Кривонос не хотел становиться ни на чью сторону.
- Говорить можно все, а можно обойтись и без слов.
- Разве я не прав? - с прежней яростью наседал на меня Нечай. - До каких пор будем сидеть в этой степи? Нужно ударить на панов и смести их с лица земли!
- Ты уже бил - и что же? - спрашивал я.
- И молот не от одного удара сплющивает железо.
- Не хочу, чтобы наш люд тоже сплющивался.
- А чего же ты хочешь, гетман?
- Гетманов не спрашивают, а ждут их слова.
- Так какое же твое слово, гетман?
У меня не было слова. Я ждал. Чего? Откуда? От кого? На что надеялся, чего ждал?
У молодого Потоцкого с Шемберком была надежда на гетманов коронных с войском, которые могли когда-то прийти. А я? Если бы и хотел кто-нибудь бежать ко мне, то не знал, где искать. С тех пор как вышел я из Сечи, исчезли обо мне все вести, никто не знал, где я и что, где искать меня и следует ли вообще искать, теперь только я сам мог подать о себе голос - и как же подать? Только победой.

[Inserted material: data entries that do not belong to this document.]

Lemma doubling_MCR : MCR_exists m n p.
Proof.
exists (\matrix_(i, j) doubled i j)%R; split; [|split].
- by move=> i j; rewrite mxE; apply: doubled_range.
- move=> i1 j1 i2 j2; rewrite !mxE => /doubled_inj[] // i_eq j_eq.
  by split; apply: val_inj.
- exists ((q + g) * S) => j; split.
  + by rewrite -(top_column_sum (ltn_ord j)); apply: eq_bigr => i _; rewrite mxE.
  + by rewrite -(bottom_column_sum (ltn_ord j)); apply: eq_bigr => i _; rewrite mxE.
Qed.

End Doubling.

Lemma threshold_exists p a b : 0 < p -> 4 * p * a ^ 2 + a <= 2 * p * b ^ 2 ->
  let S := 4 * p * (a + b) + 1 in
  exists t, [/\ a <= t <= b, 2 * p * t ^ 2 <= a * S & t * (2 * p * t + 1) + a * S <= t * S].
Proof.
move=> p_gt0 hyp S.
have a_le_b : a <= b.
  case: leqP => // b_lt_a; have : b ^ 2 <= a ^ 2 by rewrite leq_exp2r // ltnW.
  by move/(leq_mul (leqnn (2 * p))); lia.
pose P t := (t <= b) && (2 * p * t ^ 2 <= a * S).
have Pa : P a by rewrite /P a_le_b /S; nia.
have P_le_b t : P t -> t <= b by case/andP.
case: (ex_maxnP (ex_intro P a Pa) P_le_b) => t /andP[t_le_b t_low] t_max.
exists t; split => //; first by rewrite t_le_b t_max.
have [t_eq_b | t_lt_b] := eqVneq t b; first by rewrite /S t_eq_b; nia.
have t_high : a * S < 2 * p * t.+1 ^ 2.
  by rewrite ltnNge; apply: contraT => /negPn low; have := t_max _ (_ : P t.+1); rewrite /P low; lia.
have [a0 | a_gt0] := posnP a; first by move: t_low; rewrite a0 /S; nia.
have a_le_t : a <= t by exact: t_max.
by rewrite /S in t_high *; nia.
Qed.

Lemma MCR_sufficient p a b : 0 < p -> 0 < b -> 4 * p * a ^ 2 + a <= 2 * p * b ^ 2 ->
  MCR_exists b.*2 (b.*2 + a * 4) p.
Proof.
move=> p_gt0 b_gt0 hyp.
have [t [/andP[a_le_t t_le_b] t_low t_high]] := threshold_exists p_gt0 hyp.
have [q t_eq] : exists q, t = a + q by exists (t - a); lia.
have [f b_eq] : exists f, b = t + f by exists (b - t); lia.
pose g := f + a.*2.
have [K K_top] : exists K, top_balanced (t.*2 + (f + g)) p t.*2 (q * ((t.*2 + (f + g)) * p).*2.+1) K.
  apply: top_balanced_exists => //.
    rewrite /g; have [a0 | a_gt0] := posnP a; last by lia.
    by move: t_low; rewrite a0 mul0n; nia.
  have -> : ((t.*2 + (f + g)) * p).*2.+1 = 4 * p * (a + b) + 1 by rewrite /g b_eq; nia.
  have tS : t * (4 * p * (a + b) + 1) = a * (4 * p * (a + b) + 1) + q * (4 * p * (a + b) + 1).
    by rewrite t_eq mulnDl.
  have : t * (4 * p * (a + b) + 1) = 4 * p * t ^ 2 + t.*2 * (p * (f + g)) + t.
    by rewrite /g b_eq; nia.
  lia.
rewrite addnA in K_top.
have -> : b.*2 + a * 4 = t.*2 + g + g by rewrite /g; lia.
have -> : b.*2 = t.*2 + f + f by lia.
by apply: doubling_MCR K_top _; rewrite /g; lia.
Qed.

Lemma pell_cond_iff m n p :
  pell_cond m n p <-> 2 * (2 * p * n + 1) ^ 2 = (2 * p * m + 2 * p * n + 1) ^ 2 + 1.
Proof.
rewrite /pell_cond; move: (2 * p * n + 1) (2 * p * m + 2 * p * n + 1) => X Y.
by rewrite !expnS expn0 !muln1; split=> E; lia.
Qed.

Section RealCondition.
Local Open Scope R_scope.

Lemma sqrt2_mul_le_iff (x y : R) : 0 <= x -> 0 <= y -> (sqrt 2 * x <= y <-> 2 * (x * x) <= y * y).
Proof.
move=> x_ge0 y_ge0; have sqrt2_sq := sqrt_sqrt 2 ltac:(lra); have := sqrt_pos 2.
split=> [le_y | le_sq].
  have : 0 <= sqrt 2 * x by nra.
  nra.
by apply: Rnot_lt_le => lt_y; nra.
Qed.
Lemma continuous_mdist (y : M) : continuous (mdist y).
Proof.
move=> a; apply/cvgrPdist_lt => e e0.
apply: filterS (nbhsx_ballx a e e0) => x; rewrite ballEmdist /=.
exact: le_lt_trans (mdist_lipschitz _ _ _).
Qed.

Lemma closed_mdist_sqr_le (a : M) (v : R) : closed [set z | mdist a z ^+ 2 <= v].
Proof.
apply: (@preimage_closed _ _ (fun z => mdist a z ^+ 2) _ _ (@closed_le _ v)).
move=> z _; exact: continuous_comp (continuous_mdist a z) (@exprn_continuous _ 2 _).
Qed.

End metric.

Section borel_measurability.
Context {R : realType} {M : completeMetricType R}.

Lemma continuous_Borel_measurable (f : M -> R) :
  continuous f -> measurable_fun [set: Borel M] f.
Proof.
move=> cf; apply: (measurability _ (RGenOpens.measurableE R)).
move=> _ [_ [a [b ->] <-]]; rewrite setTI; apply: sub_sigma_algebra.
exact: (proj1 (continuousP _) cf) (interval_open _ _).
Qed.

Lemma measurable_mdist_sqr (y : M) :
  measurable_fun [set: Borel M] (fun x => (mdist x y ^+ 2)%:E).
Proof.
apply/measurable_EFinP; under eq_fun do rewrite metric_sym.
apply: continuous_Borel_measurable => x.
exact: continuous_comp (continuous_mdist y x) (@exprn_continuous _ 2 _).
Qed.

Lemma compact_Borel_measurable (X : set M) :
  compact X -> measurable (X : set (Borel M)).
Proof.
move=> /(compact_closed (@metric_hausdorff _ M)) /closed_openC oX.
by rewrite -[X]setCK; apply: measurableC; exact: sub_sigma_algebra.
Qed.

End borel_measurability.

Section mixture.
Context d {T : measurableType d} {R : realType}.
Variables (P : probability T R) (a : T) (t : R).
Hypotheses (t0 : 0 <= t) (t1 : t <= 1).

Definition mixture : set T -> \bar R :=
  measure_add (mscale (NngNum (unstable.onem_ge0 t1)) P) (mscale (NngNum t0) \d_a).

Let mixture0 : mixture set0 = 0%E. Proof. exact: measure0. Qed.
Let mixture_ge0 A : (0 <= mixture A)%E. Proof. exact: measure_ge0. Qed.
Let mixture_sigma_additive : semi_sigma_additive mixture.
Proof. exact: measure_semi_sigma_additive. Qed.
HB.instance Definition _ := isMeasure.Build _ _ _ mixture
  mixture0 mixture_ge0 mixture_sigma_additive.

Let mixture_setT : mixture setT = 1%E.
Proof.
rewrite /mixture measure_addE /= /mscale /= probability_setT diracT.
by rewrite !mule1 -EFinD subrK.
Qed.
HB.instance Definition _ := Measure_isProbability.Build _ _ _ mixture mixture_setT.

Lemma mixture_eq0 (A : set T) : P A = 0%E -> ~ A a -> mixture A = 0%E.
Proof.
move=> PA0 Aa; rewrite /mixture measure_addE /= /mscale /= PA0 diracE memNset //.
by rewrite !mule0 adde0.
Qed.

Lemma ge0_integral_mixture (f : T -> \bar R) :
  measurable_fun setT f -> (forall x, (0 <= f x)%E) ->
  (\int[mixture]_x f x = (1 - t)%:E * \int[P]_x f x + t%:E * f a)%E.
Proof.
move=> mf f0; rewrite ge0_integral_measure_add //.
by rewrite !ge0_integral_mscale // integral_dirac // diracT mul1e.
Qed.

End mixture.
Arguments mixture {d T R} P a {t} t0 t1.

Section cost.
Context {R : realType} {M : completeMetricType R}.
Implicit Types (X : set M) (mu : probability (Borel M) R).
Local Open Scope ereal_scope.

Lemma cost_ge0 mu z : 0 <= cost mu z.
Proof. by apply: integral_ge0 => x _; rewrite lee_fin sqr_ge0. Qed.

Lemma Var_le_cost mu z : Var mu <= cost mu z.
Proof. by apply: ereal_inf_lbound; exists z. Qed.

Lemma Var_ge0 mu : 0 <= Var mu.
Proof. by apply: le_ereal_inf_tmp => _ [z _ <-]; exact: cost_ge0. Qed.

Lemma PX_ae {X mu} : compact X -> PX X mu -> {ae mu, forall x, X x}.
Proof.
move=> cX PXmu; exists (~` X); split => //.
by apply: measurableC; exact: compact_Borel_measurable.
Qed.

Lemma PX_nonempty {X mu} : PX X mu -> X !=set0.
Proof.
move=> PXmu; apply/set0P/eqP => X0; move: PXmu.
by rewrite /PX X0 setC0 probability_setT => /eqP; rewrite eqe oner_eq0.
Qed.

Lemma cost_le_ae mu z (r : R) :
  {ae mu, forall x, (mdist x z <= r)%R} -> cost mu z <= (r ^+ 2)%:E.
Proof.
move=> dzr; have -> : (r ^+ 2)%:E = \int[mu]_x (cst (r ^+ 2)%:E) x.
  by rewrite integral_cst //= probability_setT mule1.
apply: ae_ge0_le_integral => //.
- by move=> x _; rewrite lee_fin sqr_ge0.
- exact: measurable_mdist_sqr.
- by move=> x _; rewrite lee_fin sqr_ge0.
apply: (@filterS (Borel M)) dzr => x dxz _.
by rewrite lee_fin ler_sqr ?nnegrE ?mdist_ge0 // (le_trans (mdist_ge0 _ _) dxz).
Qed.

Lemma cost_fin_num {X mu} {y : M} {r : R} z : compact X -> PX X mu ->
  X `<=` [set x | (mdist x y <= r)%R] -> cost mu z \is a fin_num.
Proof.
move=> cX PXmu Xr; rewrite ge0_fin_numE ?cost_ge0 //.
apply: le_lt_trans (ltry ((r + mdist y z) ^+ 2)%R).
apply: cost_le_ae; apply: (@filterS (Borel M)) (PX_ae cX PXmu) => x /Xr /= dxy.
by rewrite (le_trans (metric_triangle _ y _)) // lerD2r.
Qed.
Theorem corollaryA1 (R : realType) (d : measure_display) (T : measurableType d)
  (P : probability T R) (X : nat -> T -> nat) (delta : int) (b : nat -> R) :
  (forall i, nat_rv (X i)) ->
  mutually_independent P X ->
  identically_distributed P X ->
  (forall k : nat, 0 < pk P X k) ->
  (forall n : nat, (0 < n)%N -> 0 < b n) ->
  ((forall e : R, 0 < e ->
      (fun n : nat =>
         P [set w | e < `| (theta P X delta (M X n w)
                            - theta P X delta (m_of P X n%:R)) / b n | ])
      @ \oo --> 0%E)
   <->
   (forall e : R, 0 < e ->
      (fun n : nat =>
         n%:R * yTheta P X delta (e * b n + theta P X delta (m_of P X n%:R)))
        @ \oo --> 0
      /\
      (fun n : nat =>
         n%:R * yTheta P X delta (- (e * b n) + theta P X delta (m_of P X n%:R)))
        @ \oo --> +oo)).
Proof.
move=> X_rv X_indep X_id _ b0.
exact: (cvg_deviation0P _ _ _ X_rv X_indep X_id
  (fun n => theta P X delta (m_of P X n%:R)) _ b0).
Qed.
Lemma Rabs_pow_div_fact_sub_le t s R n : Rabs t <= R -> Rabs s <= R ->
  Rabs (t ^ S n / INR (fact (S n)) - s ^ S n / INR (fact (S n)))
    <= Rabs (t - s) * (R ^ n / INR (fact n)).
Proof.
  intros Ht Hs. pose proof (INR_fact_gt0 n). pose proof (INR_fact_gt0 (S n)).
  pose proof (lt_0_INR (S n) (Nat.lt_0_succ n)).
  assert (Hf : INR (fact (S n)) = INR (S n) * INR (fact n))
    by (rewrite fact_simpl, mult_INR; reflexivity).
  replace (t ^ S n / INR (fact (S n)) - s ^ S n / INR (fact (S n)))
    with ((t ^ S n - s ^ S n) / INR (fact (S n))) by (field; lra).
  unfold Rdiv at 1. rewrite Rabs_mult, Rabs_inv, (Rabs_pos_eq (INR _)) by lra.
  apply Rle_trans with (INR (S n) * R ^ n * Rabs (t - s) * / INR (fact (S n))).
  - apply Rmult_le_compat_r; [left; apply Rinv_0_lt_compat; lra |].
    apply Rabs_pow_sub_le; assumption.
  - right. rewrite Hf. field. lra.
Qed.

Lemma exists_small_pos a b m : 0 < a -> 0 <= b -> 0 < m ->
  exists d, 0 < d <= m /\ b * d ^ 2 <= a.
Proof.
  intros Ha Hb Hm. set (d := Rmin m (Rmin 1 (a / (b + 1)))).
  assert (Hq : 0 < a / (b + 1)) by (apply Rdiv_lt_0_compat; lra).
  assert (Hd : 0 < d) by (apply Rmin_pos; [| apply Rmin_pos]; lra).
  assert (Hd1 : d <= 1) by (eapply Rle_trans; [apply Rmin_r | apply Rmin_l]).
  assert (Hda : d <= a / (b + 1)) by (eapply Rle_trans; [apply Rmin_r | apply Rmin_r]).
  exists d. split; [split; [| apply Rmin_l]; lra |].
  apply Rle_trans with (b * d).
  { simpl. rewrite Rmult_1_r. apply Rmult_le_compat_l; [lra |]. nra. }
  apply Rle_trans with (b * (a / (b + 1))); [apply Rmult_le_compat_l; lra |].
  apply Rle_trans with ((b + 1) * (a / (b + 1))); [nra | right; field; lra].
Qed.

Section OperatorExponential.
Variable X : HilbertSpace.
Variables (A Astar : X -> X) (M : R).
Hypothesis M_ge0 : 0 <= M.
Hypothesis A_bounded : forall x, hs_norm (A x) <= M * hs_norm x.
Hypothesis A_adjoint : is_adjoint A Astar.

Lemma inner_iter_adjoint n x g : hs_inner x (Nat.iter n Astar g) = hs_inner (Nat.iter n A x) g.
Proof.
  revert x. induction n as [| n IH]; intro x; [reflexivity |].
  assert (Hcomm : forall m y, Nat.iter m A (A y) = A (Nat.iter m A y))
    by (induction m; intro y; simpl; congruence).
  simpl. rewrite <- A_adjoint, IH, Hcomm. reflexivity.
Qed.

Lemma inner_exp_partial_adjoint t N x g :
  hs_inner x (exp_partial Astar t g N) = hs_inner (exp_partial A t x N) g.
Proof.
  induction N as [| N IH]; [reflexivity |].
  cbn [exp_partial]. apply C_ext; inner_simpl; rewrite (inner_iter_adjoint (S N));
    simpl Re; simpl Im; rewrite IH; ring.
Qed.

Lemma norm_iter_le n x : hs_norm (Nat.iter n A x) <= M ^ n * hs_norm x.
Proof.
  induction n as [| n IH]; simpl; [lra |]. eapply Rle_trans; [apply A_bounded |].
  rewrite Rmult_assoc. apply Rmult_le_compat_l; assumption.
Qed.

Lemma norm_exp_term_le t R n x : Rabs t <= R ->
  Rabs (t ^ n / INR (fact n)) * hs_norm (Nat.iter n A x)
    <= (R * M) ^ n / INR (fact n) * hs_norm x.
Proof.
  intro Ht. assert (HR : 0 <= R) by (pose proof (Rabs_pos t); lra).
  apply Rle_trans with (R ^ n / INR (fact n) * (M ^ n * hs_norm x)).
  - apply Rmult_le_compat; try apply Rabs_pos; try apply norm_ge0.
    + apply Rabs_pow_div_fact_le; assumption.
    + apply norm_iter_le.
  - rewrite Rpow_mult_distr. right. unfold Rdiv. ring.
Qed.
Lemma tauE a b v y : tau a b v y =
  if in_rect a b y then padd y v
  else if in_rect a b (psub y v) then psub y v else y.
Proof. by rewrite /tau in_rect_padd. Qed.

Definition disjoint_shift a b v :=
  forall x, ~~ (in_rect a b x && in_rect (padd a v) (padd b v) x).

Lemma disjoint_shiftP a b v y : disjoint_shift a b v ->
  in_rect a b y -> in_rect a b (psub y v) = false.
Proof. by move=> hD hy; have := hD y; rewrite hy in_rect_padd => /negbTE. Qed.

Lemma disjoint_shift_sep a b v l : b l - a l <= `|v l| -> disjoint_shift a b v.
Proof.
move=> hl x; apply/negP => /andP[/in_rectP/(_ l) h1 /in_rectP/(_ l)].
rewrite /padd => h2.
by case: (lerP 0 (v l)) => hv; [rewrite ger0_norm in hl | rewrite ltr0_norm in hl]; lra.
Qed.

Definition unit_box a b := forall l, 0 <= a l /\ b l <= 1.

Lemma rect_in_cubeP a b : is_rect a b -> rect_in_cube a b <-> unit_box a b.
Proof.
move=> hab; split => [hc l | hu x /in_rectP hx]; last first.
  by apply/in_rectP => l; have [? ?] := hu l; have /andP[? ?] := hx l; apply/andP; split; lra.
have ha : in_rect a b a by apply/in_rectP => j; rewrite lexx hab.
have /in_rectP /(_ l) /andP[ha0 _] := hc a ha; split => //.
rewrite leNgt; apply/negP => hb.
(* raising the [l]-th coordinate of [a] to [max 1 a_l] stays in [[a, b)] but leaves the cube *)
pose t := if a l <= 1 then 1 else a l.
pose x := fun j => if j == l then t else a j.
have hx : in_rect a b x.
  apply/in_rectP => j; rewrite /x; case: eqVneq => [->|_]; last by rewrite lexx hab.
  by have := hab l; rewrite /t; case: ifP => h ?; apply/andP; split; lra.
have /in_rectP /(_ l) := hc x hx; rewrite /x eqxx /t.
by case: ifP => h; lra.
Qed.

Definition transposable a b v := [/\ is_rect a b, rect_in_cube a b,
  rect_in_cube (padd a v) (padd b v) & disjoint_shift a b v].

Lemma transposable_unit_box a b v : transposable a b v ->
  unit_box a b /\ unit_box (padd a v) (padd b v).
Proof.
by move=> [hab hP hQ _]; split; apply/rect_in_cubeP => //; apply: is_rect_padd.
Qed.

Lemma unit_box_padd_sub a b v w : unit_box a b -> unit_box (padd a v) (padd b v) ->
  (forall l, w l = 0 \/ w l = v l) -> unit_box (padd a w) (padd b w).
Proof.
move=> hP hQ hw l; rewrite /padd; case: (hw l) => ->; last exact: hQ.
by rewrite !addr0; apply: hP.
Qed.

Lemma transposable_shift_neq0 a b v : transposable a b v -> exists j, v j != 0.
Proof.
move=> [hab _ _ hD]; apply/existsP/contraT; rewrite negb_exists => /forallP h0.
have pv p : padd p v = p by apply/funext => l; rewrite /padd (eqP (negbNE (h0 l))) addr0.
have ha : in_rect a b a by apply/in_rectP => l; rewrite lexx hab.
by have := hD a; rewrite !pv ha.
Qed.

Lemma tau_in_cube a b v x :
  transposable a b v -> in_cube x -> in_cube (tau a b v x).
Proof.
move=> [_ hP hQ _] hx; rewrite tauE; case: ifP => h1.
  by apply: hQ; rewrite in_rect_padd psub_padd.
by case: ifP => // h2; apply: hP.
Qed.

Definition subrect a b a' b' := forall l, a' l <= a l /\ b l <= b' l.

Lemma subrect_refl a b : subrect a b a b.
Proof. by move=> l; split. Qed.

Lemma subrect_trans a b a1 b1 a2 b2 :
  subrect a b a1 b1 -> subrect a1 b1 a2 b2 -> subrect a b a2 b2.
Proof. by move=> h1 h2 l; have [? ?] := h1 l; have [? ?] := h2 l; split; lra. Qed.

Lemma in_rect_subrect a b a' b' x :
  subrect a b a' b' -> in_rect a b x -> in_rect a' b' x.
Proof.
move=> hs /in_rectP hx; apply/in_rectP => l.
by have [? ?] := hs l; have /andP[? ?] := hx l; apply/andP; split; lra.
Qed.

И без того небольшое свое войско я уменьшил, тайком отослав Ганжу с его всадниками вдоль Днепра встречать байдаки с реестровыми казаками. Не для битвы - что может поделать несколько сот конницы против трех полков реестровых? - а чтобы уговорить наемное казачество, которому все равно король не платит вот уже столько лет, не плыть к Кодаку, а выйти на берег, побить своих старшин и присоединиться к восставшему казачеству и его гетману Хмельницкому. С Ганжой послал я своего есаула Демка, велев ему твердо не допускать полковника ни к каким битвам, а всячески склонять к переговорам, ибо знал: нет на свете человека, который смог бы устоять в переговорах перед Ганжой. Собственно, он сам этого не знал и каждый раз очертя голову рвался к поединкам, то ли в пешем, то ли в конном строю, сразу же вступал в бой и всегда побеждал, но считал, что побеждает благодаря силе и ловкости, а на самом же деле все было совсем иначе. Верно, был он сильным, юрким, умелым во владении белым оружием, в малом его теле было собрано так много силы, что ее хватило бы, может, на целую сотню людей, но настоящая его сила была не в сильных руках, не в широких плечах, не в неутомимости и железной выдержке (ибо сколько таких людей было вокруг!), а в его глазах. Кто знает, какие боги лепили Ганжу и снаряжали его, пуская в наш мир непростой, но сделали они так, что к его сухощавой, крепкой, как корень, фигуре, к черным, как конская грива, волосам и черным, как ночь, бровям, дали глаза невероятной синевы, и, когда этот человек смотрел на тебя, ты забывал самого себя, ощущение было такое, будто нет в тебе ни костей, ни тела, и уже и тебя самого нет, а есть только рабское безволие и желание исполнить все веления человека с неистово синими глазами. Такой человек должен был бы передвигать горы, заставлять реки течь вспять, черные леса зеленеть зимой, летом сбрасывать с себя всю листву.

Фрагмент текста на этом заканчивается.